Check node agent logs:

journalctl -u navarch-node -f

Common causes:

Error	Cause	Fix
`connection refused`	Wrong control plane address	Check `--server` flag or `NAVARCH_SERVER` env var
`TLS handshake failed`	Certificate mismatch	Use `--insecure` for testing or fix certificates
`authentication failed`	Bad or missing token	Check `--token` flag matches control plane config
`context deadline exceeded`	Network/firewall issue	Check security groups allow gRPC port

Health checks not running#

Symptom: Nodes show as healthy but health data is stale.

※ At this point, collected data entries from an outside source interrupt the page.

Lemma max_cand_gt0 b h : wf_history h -> consistent b h -> 0 < #|max_cand h|.
Proof. by move=> W C; apply/card_gt0P; exists (top b); apply: top_max_cand. Qed.

Lemma min_cand_gt0 b h : wf_history h -> consistent b h -> 0 < #|min_cand h|.
Proof. by move=> W C; apply/card_gt0P; exists (bot b); apply: bot_min_cand. Qed.

Lemma determined_cards a h : wf_history h -> consistent a h ->
  determined h <-> #|max_cand h| <= 1 /\ #|min_cand h| <= 1.
Proof.
move=> W C; split=> [[i [j det]]|[/card_le1_eqP max1 /card_le1_eqP min1]].
  have max_i : {in max_cand h, forall x, x = i}.
    move=> x /(lift_max_cand W C) [b /det [b_le _] b_top].
    by apply/eqP; apply: contraLR (b_le x); rewrite eq_sym -ltnNge => /b_top.
  have min_j : {in min_cand h, forall x, x = j}.
    move=> x /(lift_min_cand W C) [b /det [_ b_ge] b_bot].
    by apply/eqP; apply: contraLR (b_ge x); rewrite eq_sym -ltnNge => /b_bot.
  split; apply/card_le1_eqP => x y.
    by move=> /max_i -> /max_i ->.
  by move=> /min_j -> /min_j ->.
exists (top a), (bot a) => b Cb; split=> x.
  by rewrite (max1 (top b) (top a)) ?top_max ?top_max_cand.
by rewrite (min1 (bot b) (bot a)) ?bot_min ?bot_min_cand.
Qed.

Lemma determined_uncertainty a h : wf_history h -> consistent a h ->
  determined h <-> uncertainty h = 0.
Proof.
move=> W C; apply: iff_trans (determined_cards W C) _; rewrite /uncertainty.
by have := max_cand_gt0 W C; have := min_cand_gt0 W C; lia.
Qed.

Check: 1. Node agent is running: systemctl status navarch-node 2. NVML is accessible: nvidia-smi works on the node 3. Health check interval in config isn't too long

Node agent issues#

NVML initialization failed#

Symptom: Node agent logs failed to initialize NVML or NVML not found.

Causes and fixes:

NVIDIA drivers not installed
```
nvidia-smi  # Should show GPU info
```
If not working, install drivers.
libnvidia-ml.so not in path
```
ldconfig -p | grep nvidia-ml
```
If missing, the NVIDIA driver installation is incomplete.

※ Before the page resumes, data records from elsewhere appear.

Lemma Derive_coord_swap G u v p t x y : u <> v -> (forall p t, exists d, partial_lim G u p t d) ->
  Derive (fun z => G (jet_set (jet_set p u z) v y) (time_set (time_set t u z) v y)) x
    = pd G u (jet_set (jet_set p u x) v y) (time_set (time_set t u x) v y)
  /\ ex_derive (fun z => G (jet_set (jet_set p u z) v y) (time_set (time_set t u z) v y)) x.
Proof.
  intros Huv HG. rewrite (jet_set_comm p u v x y), (time_set_comm t u v x y) by auto.
  assert (E : forall z, G (jet_set (jet_set p u z) v y) (time_set (time_set t u z) v y)
                        = G (jet_set (jet_set p v y) u z) (time_set (time_set t v y) u z))
    by (intros z; rewrite jet_set_comm, time_set_comm by auto; reflexivity).
  split.
  - rewrite (functional_extensionality _ _ E). apply Derive_coord; auto.
  - apply (ex_derive_ext (fun z => G (jet_set (jet_set p v y) u z) (time_set (time_set t v y) u z))).
    + intros z. symmetry. apply E.
    + apply ex_derive_coord; auto.
Qed.

Lemma continuity_2d_pt_coords N l H p t u v x0 y0 : cont_jet N l H ->
  continuity_2d_pt (fun a b => H (jet_set (jet_set p u a) v b) (time_set (time_set t u a) v b)) x0 y0.
Proof.
  intros HH eps.
  destruct (cont_jet_near N l H (jet_set (jet_set p u x0) v y0) (time_set (time_set t u x0) v y0) eps)
    as [d [Hd Hc]]; [auto|apply cond_pos|].
  exists (mkposreal d Hd). intros a b Ha Hb. simpl in Ha, Hb. apply Hc.
  intros c _. rewrite !coord_val_set.
  destruct (coord_eqb c v); auto; destruct (coord_eqb c u); auto; rewrite Rminus_diag, Rabs_R0; auto.
Qed.

(* Schwarz's theorem in the plane of the coordinates u and v through (p, t). *)
Lemma pd_comm N l F v u p t : smooth N l F -> coord_ok N l v -> coord_ok N l u -> u <> v ->
  pd (pd F v) u p t = pd (pd F u) v p t.
Proof.
  intros HF Hv Hu Huv.
  assert (HFv := smooth_has_partials N l F HF v Hv).
  assert (HFu := smooth_has_partials N l F HF u Hu).
  assert (HFvu := smooth_has_partials N l _ (smooth_pd N l F v HF Hv) u Hu).
  assert (HFuv := smooth_has_partials N l _ (smooth_pd N l F u HF Hu) v Hv).
  set (f := fun x y => F (jet_set (jet_set p u x) v y) (time_set (time_set t u x) v y)).
  assert (E1 : forall y, (fun z => Derive (fun s => f z s) y) =
                        (fun z => pd F v (jet_set (jet_set p u z) v y) (time_set (time_set t u z) v y)))
    by (intros y; extensionality z; exact (Derive_coord F v (jet_set p u z) (time_set t u z) y HFv)).
  assert (E2 : forall x, (fun z => Derive (fun s => f s z) x) =
                        (fun z => pd F u (jet_set (jet_set p u x) v z) (time_set (time_set t u x) v z)))
    by (intros x; extensionality z; exact (proj1 (Derive_coord_swap F u v p t x z Huv HFu))).
  assert (Hs := Schwarz f (coord_val p t u) (coord_val p t v)).
  rewrite E1, E2, (proj1 (Derive_coord_swap _ u v p t _ _ Huv HFvu)),
    (Derive_coord (pd F u) v (jet_set p u (coord_val p t u)) (time_set t u (coord_val p t u)) _ HFuv) in Hs.
  rewrite !jet_set_val, !time_set_val in Hs. apply Hs.
  - exists (mkposreal 1 Rlt_0_1). intros a b _ _. split; [|split; [|split]].
    + exact (proj2 (Derive_coord_swap F u v p t a b Huv HFu)).
    + exact (ex_derive_coord F v (jet_set p u a) (time_set t u a) b HFv).
    + rewrite E1. exact (proj2 (Derive_coord_swap _ u v p t a b Huv HFvu)).
    + rewrite E2. exact (ex_derive_coord (pd F u) v (jet_set p u a) (time_set t u a) b HFuv).
  - assert (E : (fun a b => Derive (fun z => Derive (fun s => f z s) b) a)
                = (fun a b => pd (pd F v) u (jet_set (jet_set p u a) v b) (time_set (time_set t u a) v b)))
      by (extensionality a; extensionality b; rewrite E1;
          exact (proj1 (Derive_coord_swap _ u v p t a b Huv HFvu))).
    rewrite E. apply (continuity_2d_pt_coords N l), smooth_cont. apply smooth_pd; [apply smooth_pd|]; auto.
  - assert (E : (fun a b => Derive (fun z => Derive (fun s => f s z) a) b)
                = (fun a b => pd (pd F u) v (jet_set (jet_set p u a) v b) (time_set (time_set t u a) v b)))
      by (extensionality a; extensionality b; rewrite E2;
          exact (Derive_coord (pd F u) v (jet_set p u a) (time_set t u a) b HFuv)).
    rewrite E. apply (continuity_2d_pt_coords N l), smooth_cont. apply smooth_pd; [apply smooth_pd|]; auto.
Qed.

End SecondPartials.

Lemma pd_comm_jet N l F v k i p t : smooth N l F -> coord_ok N l v ->
  pd (pd F v) (Some (k, i)) p t = pd (pd F (Some (k, i))) v p t.
Proof.
  intros HF Hv. destruct (classic (Some (k, i) = v)) as [<-|E]; auto.
  destruct (classic (coord_ok N l (Some (k, i)))) as [Hu|Hu].
  - apply (SecondPartials.pd_comm N l); auto.
  - rewrite (pd_inactive N l (pd F v) k i), (pd_inactive N l F k i), pd_const; auto.
    + apply smooth_cont; auto.
    + apply smooth_cont, smooth_pd; auto.
Qed.

(** * Commuting partial and total derivatives *)

Lemma has_partials_Dt_term N l F j i : smooth N l F -> (j <= N)%nat -> (i < l)%nat ->
  has_partials (S N) l (fun p t => pd F (Some (j, i)) p t * p (S j) i).
Proof.
  intros HF Hj Hi. apply has_partials_mult.
  - apply (smooth_has_partials_any N), smooth_pd; simpl; auto.
  - intros c _ p t. eexists; apply partial_lim_proj.
Qed.

Lemma pd_Dt_term N l F j i' k i p t : smooth N l F -> (j <= N)%nat -> (i' < l)%nat ->
  pd (fun p t => pd F (Some (j, i')) p t * p (S j) i') (Some (k, i)) p t =
  pd (pd F (Some (k, i))) (Some (j, i')) p t * p (S j) i' +
  (if (Nat.eqb (S j) k && Nat.eqb i' i)%bool then pd F (Some (j, i')) p t else 0).
Proof.
  intros HF Hj Hi'. rewrite pd_mult.
  - rewrite (pd_eq_lim _ _ _ _ _ (partial_lim_proj (S j) i' (Some (k, i)) p t)).
    rewrite (pd_comm_jet N l) by (auto; simpl; auto).
    destruct (Nat.eqb (S j) k && Nat.eqb i' i)%bool; ring.
  - apply (smooth_partial_ex N l), smooth_pd; simpl; auto.
  - eexists; apply partial_lim_proj.
Qed.

Lemma pd_Dt N l F k i p t : smooth N l F -> (k <= S N)%nat -> (i < l)%nat ->
  pd (Dt l N F) (Some (k, i)) p t =
  Dt l N (pd F (Some (k, i))) p t + match k with O => 0 | S k' => pd F (Some (k', i)) p t end.
Proof.
  intros HF Hk Hi.
  assert (Hterm : forall j, (j < S N)%nat -> has_partials (S N) l
            (fun p t => fsum l (fun i' => pd F (Some (j, i')) p t * p (S j) i'))).
  { intros j Hj. apply has_partials_fsum. intros i' Hi'. apply has_partials_Dt_term; auto; lia. }
  unfold Dt at 1. rewrite pd_plus.
  2:{ apply (smooth_partial_ex N l), smooth_pd; simpl; auto. }
  2:{ apply (has_partials_fsum (S N) l (S N)); simpl; auto. }
  rewrite (pd_fsum (S N) l (S N)) by (simpl; auto).
  rewrite (fsum_ext (S N) _ (fun j =>
      fsum l (fun i' => pd (pd F (Some (k, i))) (Some (j, i')) p t * p (S j) i') +
      (if Nat.eqb (S j) k then pd F (Some (j, i)) p t else 0))).
  2:{ intros j Hj.
      rewrite (pd_fsum (S N) l l); [|intros; apply has_partials_Dt_term; auto; lia|simpl; auto].
      rewrite (fsum_ext l _ _ (fun i' _ => pd_Dt_term N l F j i' k i p t HF ltac:(lia) ltac:(auto))).
      rewrite fsum_plus. f_equal.
      destruct (Nat.eqb (S j) k); simpl.
      - apply fsum_delta; auto.
      - apply fsum_zero; auto. }
  rewrite fsum_plus. unfold Dt. rewrite (pd_comm_jet N l) by (auto; simpl; auto).
  destruct k as [|k'].
  - rewrite (fsum_zero (S N) (fun j => if Nat.eqb (S j) 0 then _ else 0)) by auto. ring.
  - rewrite (fsum_ext (S N) (fun j => if Nat.eqb (S j) (S k') then pd F (Some (j, i)) p t else 0)
              (fun j => if Nat.eqb j k' then pd F (Some (j, i)) p t else 0)) by reflexivity.
    rewrite fsum_delta by lia. ring.
Qed.

(** * Prolongations of coordinate changes *)

Section Prolongation.

Variable l : nat.
Variable f : (nat -> R) -> R -> nat -> R.
Hypothesis smooth_f : forall a, (a < l)%nat -> smooth 0 l (comp0 f a).

Let W := prolong l f.

Lemma smooth_prolong j a N : (j <= N)%nat -> (a < l)%nat -> smooth N l (jet_coord W j a).
Proof.
  intros Hj Ha k. apply (Ck_order_le k j); auto.
  change (jet_coord W j a) with (Dn l j (comp0 f a)). apply smooth_Dn; auto.
Qed.

Lemma Dt_prolong j a N p t : (j <= N)%nat -> (a < l)%nat ->
  Dt l N (jet_coord W j a) p t = W p t (S j) a.
Proof.
  intros Hj Ha. change (jet_coord W j a) with (Dn l j (comp0 f a)).
  rewrite (Dt_order j N l); auto. apply smooth_cont, smooth_Dn; auto.
Qed.

Lemma Dt_comp_prolong N F p t : smooth N l F -> Dt l N (comp F W) p t = comp (Dt l N F) W p t.
Proof.
  intros HF. apply Dt_comp; auto.
  - intros; apply smooth_prolong; auto.
  - intros; apply Dt_prolong; auto.
Qed.

Lemma Dn_comp_prolong F j p t : smooth 0 l F -> Dn l j (comp F W) p t = comp (Dn l j F) W p t.
Proof.
  intros HF. revert p t; induction j; intros p t; simpl; auto.
  rewrite (Dt_ext l j _ (comp (Dn l j F) W)) by auto.
  apply Dt_comp_prolong, smooth_Dn; auto.
Qed.

(* The "cancellation of dots" of Lagrangian mechanics, at every order. *)
Lemma pd_prolong_diag a i k p t : (a < l)%nat -> (i < l)%nat ->
  pd (jet_coord W k a) (Some (k, i)) p t = Jac f (p O) t a i.
Proof.
  intros Ha Hi. change (jet_coord W k a) with (Dn l k (comp0 f a)). revert p t.
  induction k; intros p t; [reflexivity|].
  assert (HD := smooth_Dn l _ k (smooth_f a Ha)).
  simpl. rewrite (pd_Dt k l), (pd_inactive k l (Dn l k (comp0 f a)) (S k) i), Dt_const, IHk;
    auto; [ring|apply smooth_cont; auto|simpl; lia].
Qed.

Lemma pd_prolong_subdiag a i k p t : (a < l)%nat -> (i < l)%nat ->
  pd (jet_coord W (S k) a) (Some (k, i)) p t = INR (S k) * Dt l 0 (fun p t => Jac f (p O) t a i) p t.
Proof.
  intros Ha Hi. change (jet_coord W (S k) a) with (Dt l k (Dn l k (comp0 f a))). revert p t.
  assert (HJ : smooth 0 l (fun p t => Jac f (p O) t a i)).
  { change (smooth 0 l (pd (comp0 f a) (Some (O, i)))). apply smooth_pd; simpl; auto. }
  induction k; intros p t; simpl Dn.
  - rewrite (pd_Dt 0 l) by auto. change (INR 1) with 1. rewrite Rmult_1_l, Rplus_0_r. reflexivity.
  - rewrite (pd_Dt (S k) l), IHk by (try apply smooth_Dt, smooth_Dn; auto).
    rewrite (Dt_ext l (S k) _ (fun p t => Jac f (p O) t a i))
      by (intros; apply (pd_prolong_diag a i (S k)); auto).
    rewrite (Dt_order 0 (S k) l) by (try apply smooth_cont; auto; lia).
    rewrite (S_INR (S k)). ring.
Qed.

Lemma pd_prolong_lower j a k i p t : (j < k)%nat -> (a < l)%nat ->
  pd (jet_coord W j a) (Some (k, i)) p t = 0.
Proof.
  intros Hjk Ha. rewrite (pd_inactive j l); auto.
  - apply smooth_cont, smooth_prolong; auto.
  - simpl; lia.
Qed.

Variable r : nat.
Variable F : jet -> R -> R.
Hypothesis smooth_F : smooth (S r) l F.

Lemma pd_comp_prolong k i p t :
  pd (comp F W) (Some (k, i)) p t =
  fsum (S (S r)) (fun j => fsum l (fun a =>
    pd F (Some (j, a)) (W p t) t * pd (jet_coord W j a) (Some (k, i)) p t)).
Proof.
  rewrite (pd_comp (S r) l); auto.
  - simpl dtime. ring.
  - intros j a Hj Ha p' t'. apply (smooth_partial_ex j l), smooth_prolong; auto.
Qed.

Lemma pd_comp_prolong_top i p t : (i < l)%nat ->
  pd (comp F W) (Some (S r, i)) p t = fsum l (fun a => pd F (Some (S r, a)) (W p t) t * Jac f (p O) t a i).
Proof.
  intros Hi. rewrite pd_comp_prolong. change (fsum (S (S r)) ?g) with (fsum (S r) g + g (S r)).
  rewrite fsum_zero, Rplus_0_l.
  - apply fsum_ext. intros a Ha. rewrite pd_prolong_diag; auto.
  - intros j Hj. apply fsum_zero. intros a Ha. rewrite pd_prolong_lower; auto. ring.
Qed.

Lemma pd_comp_prolong_sub i p t : (i < l)%nat ->
  pd (comp F W) (Some (r, i)) p t =
  fsum l (fun a => pd F (Some (r, a)) (W p t) t * Jac f (p O) t a i +
                   pd F (Some (S r, a)) (W p t) t * (INR (S r) * Dt l 0 (fun p t => Jac f (p O) t a i) p t)).
Proof.
  intros Hi. rewrite pd_comp_prolong. change (fsum (S (S r)) ?g) with (fsum r g + g r + g (S r)).
  rewrite fsum_zero, Rplus_0_l, <- fsum_plus.
  - apply fsum_ext. intros a Ha. rewrite pd_prolong_diag, pd_prolong_subdiag; auto.
  - intros j Hj. apply fsum_zero. intros a Ha. rewrite pd_prolong_lower; auto. ring.
Qed.

Lemma Dt_pd_comp_prolong_top i p t : (i < l)%nat ->
  Dt l (S r) (pd (comp F W) (Some (S r, i))) p t =
  fsum l (fun a => Dt l (S r) (pd F (Some (S r, a))) (W p t) t * Jac f (p O) t a i +
                   pd F (Some (S r, a)) (W p t) t * Dt l 0 (fun p t => Jac f (p O) t a i) p t).
Proof.
  intros Hi. rewrite (Dt_ext l (S r) _ _ p t (fun p t => pd_comp_prolong_top i p t Hi)).
  assert (HF' : forall a, (a < l)%nat -> smooth (S r) l (comp (pd F (Some (S r, a))) W)).
  { intros a Ha. apply (smooth_comp (S r) l); [apply smooth_pd; simpl; auto|].
    intros; apply smooth_prolong; auto. }
  assert (HJ : forall a, (a < l)%nat -> smooth 0 l (fun p t => Jac f (p O) t a i)).
  { intros a Ha. change (smooth 0 l (pd (comp0 f a) (Some (O, i)))). apply smooth_pd; simpl; auto. }
  assert (HP : forall a, (a < l)%nat ->
     has_partials (S r) l (comp (pd F (Some (S r, a))) W) /\
     has_partials (S r) l (fun p t => Jac f (p O) t a i)).
  { intros a Ha. split; [apply (smooth_has_partials_any (S r))|apply (smooth_has_partials_any O)]; auto. }
  rewrite (Dt_fsum (S r) l l).
  - apply fsum_ext. intros a Ha.
    rewrite (Dt_mult (S r) l (comp (pd F (Some (S r, a))) W)) by apply HP, Ha.
    rewrite Dt_comp_prolong by (apply smooth_pd; simpl; auto).
    rewrite (Dt_order 0 (S r) l); [reflexivity|apply smooth_cont; auto|lia].
  - intros a Ha. apply has_partials_mult; apply HP, Ha.
Qed.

Running in container without GPU access

docker run --gpus all ...  # Need --gpus flag

Node marked unhealthy but GPUs are fine#

Symptom: Node transitions to unhealthy but nvidia-smi shows no issues.

Check health events:

navarch get <node-id> -o json | jq '.health_events'

Common causes: - Transient XID error that resolved - Thermal throttling that recovered - Network blip caused missed heartbeats

Resolution: If the issue resolved, the node will recover automatically (for non-fatal errors). For fatal XID errors, the node must be replaced.

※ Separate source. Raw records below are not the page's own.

(* Let $S_j$ be local potentials satisfying (A)–(E), and let $(p_1,q_1),\dots,(p_d,q_d)\in\mathbb{Z}^d\times\mathbb{Z}$ with $p_1,\dots,p_d$ linearly independent. If $x\in\mathbb{X}_{p,q}$ is a global minimizer, then $x$ minimizes $W_{p,q}$ on $\mathbb{X}_{p,q}$.
   Context: Notation: $\|i\|=\sum_{k=1}^d|i_k|$, $B_j^r=\{k:\|k-j\|\le r\}$, $(\tau_{k,l}x)_i=x_{i+k}+l$. Local potentials $S_j:\mathbb{R}^{\mathbb{Z}^d}\to\mathbb{R}$, $j\in\mathbb{Z}^d$, satisfy: (A) there is $r\in(0,\infty)$ and $C^2$ functions $s_j:\mathbb{R}^{B_j^r}\to\mathbb{R}$ with $S_j(x)=s_j(x|_{B_j^r})$; (B) $S_j(\tau_{k,l}x)=S_{j+k}(x)$; (C) each $S_j$ is bounded below and $S_j(x)\to\infty$ as $|x_k-x_j|\to\infty$ whenever $\|k-j\|=1$; (D) $\partial_{i,k}S_j\le0$ for $i\ne k$, and $\partial_{i,k}S_i<0$ when $\|i-k\|=1$; (E) $|\partial_{i,k}S_j|\le C$ uniformly. With $p$ the matrix with columns $p_j$: $B_p=p([0,1)^d)\cap\mathbb{Z}^d$, $\mathbb{X}_{p,q}=\{x:\tau_{p_j,q_j}x=x\ \forall j\}$, $W_{p,q}(x)=\sum_{j\in B_p}S_j(x)$. For finite $B\subset\mathbb{Z}^d$: $W_B(x)=\sum_{j\in B}S_j(x)$ and $\mathring{B}^{(r)}=\{i\in B:B_i^r\subset B\}$. A configuration $x$ is a global minimizer if $W_B(x+y)\ge W_B(x)$ for every finite $B$ and every $y$ with support in $\mathring{B}^{(r)}$. *)

From Stdlib Require Vectors.Fin.
From Stdlib Require Import Reals ZArith List ClassicalEpsilon.
Open Scope R_scope.

Definition Vec (d : nat) := Fin.t d -> Z.
Definition Config (d : nat) := Vec d -> R.

Fixpoint sumFinR (n : nat) : (Fin.t n -> R) -> R :=
  match n with
  | O => fun _ => 0
  | S m => fun f => f Fin.F1 + sumFinR m (fun i => f (Fin.FS i))
  end.

Fixpoint sumFinZ (n : nat) : (Fin.t n -> Z) -> Z :=
  match n with
  | O => fun _ => 0%Z
  | S m => fun f => (f Fin.F1 + sumFinZ m (fun i => f (Fin.FS i)))%Z
  end.

Definition vadd {d} (i k : Vec d) : Vec d := fun m => (i m + k m)%Z.
Definition vsub {d} (i k : Vec d) : Vec d := fun m => (i m - k m)%Z.

Definition norm1 {d} (i : Vec d) : Z := sumFinZ d (fun m => Z.abs (i m)).

Definition ball {d} (j : Vec d) (r : R) (k : Vec d) : Prop :=
  IZR (norm1 (vsub k j)) <= r.

Definition tau {d} (k : Vec d) (l : Z) (x : Config d) : Config d :=
  fun i => x (vadd i k) + IZR l.

Definition upd {d} (x : Config d) (i : Vec d) (t : R) : Config d :=
  fun k => if excluded_middle_informative (k = i) then t else x k.

Definition has_partial {d} (f : Config d -> R) (i : Vec d) (x : Config d) (l : R)
  : Prop := derivable_pt_lim (fun t => f (upd x i t)) (x i) l.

Node agent high CPU usage#

Symptom: Node agent using excessive CPU.

Common causes: - Health check interval too short (sub-second) - NVML calls hanging and retrying - Debug logging enabled in production

Fix: Set reasonable intervals in config:

heartbeat_interval: 30s
health_check_interval: 60s

Autoscaling issues#

Pool not scaling up#

Symptom: Utilization is high but no new nodes are provisioned.

Check:

At max capacity?
```
navarch pool status <pool-name>
```
If total_nodes == max_nodes, can't scale further.
Cooldown active?
```
grep "cooldown" control-plane.log
```
Wait for cooldown to expire.
Provider quota exceeded? Check cloud provider console for quota limits.
Metrics not flowing? Ensure nodes are sending heartbeats with utilization data.

Pool not scaling down#

Symptom: Utilization is low but nodes aren't terminated.

Check:

At min capacity? If total_nodes == min_nodes, can't scale lower.
Cooldown active? Scale-down also respects cooldown.
Nodes cordoned? Cordoned nodes are prioritized for removal but won't be removed if at min.

Autoscaler oscillating#

Symptom: Pool scales up and down repeatedly.

Causes: - Cooldown too short - Thresholds too close together - Utilization hovering at threshold

Fix: Increase cooldown and widen threshold gap:

autoscaling:
  type: reactive
  scale_up_at: 80
  scale_down_at: 30  # Gap of 50 points
cooldown_period: 10m

Provider issues#

Lambda Labs: "No available instances"#

Symptom: Provisioning fails with availability error.

Cause: Lambda Labs has limited inventory. Requested instance type not available in region.

Fixes: - Try a different region - Try a different instance type - Set up multi-region failover in pool config - Wait and retry (inventory changes)

GCP: "Quota exceeded"#

Symptom: Provisioning fails with quota error.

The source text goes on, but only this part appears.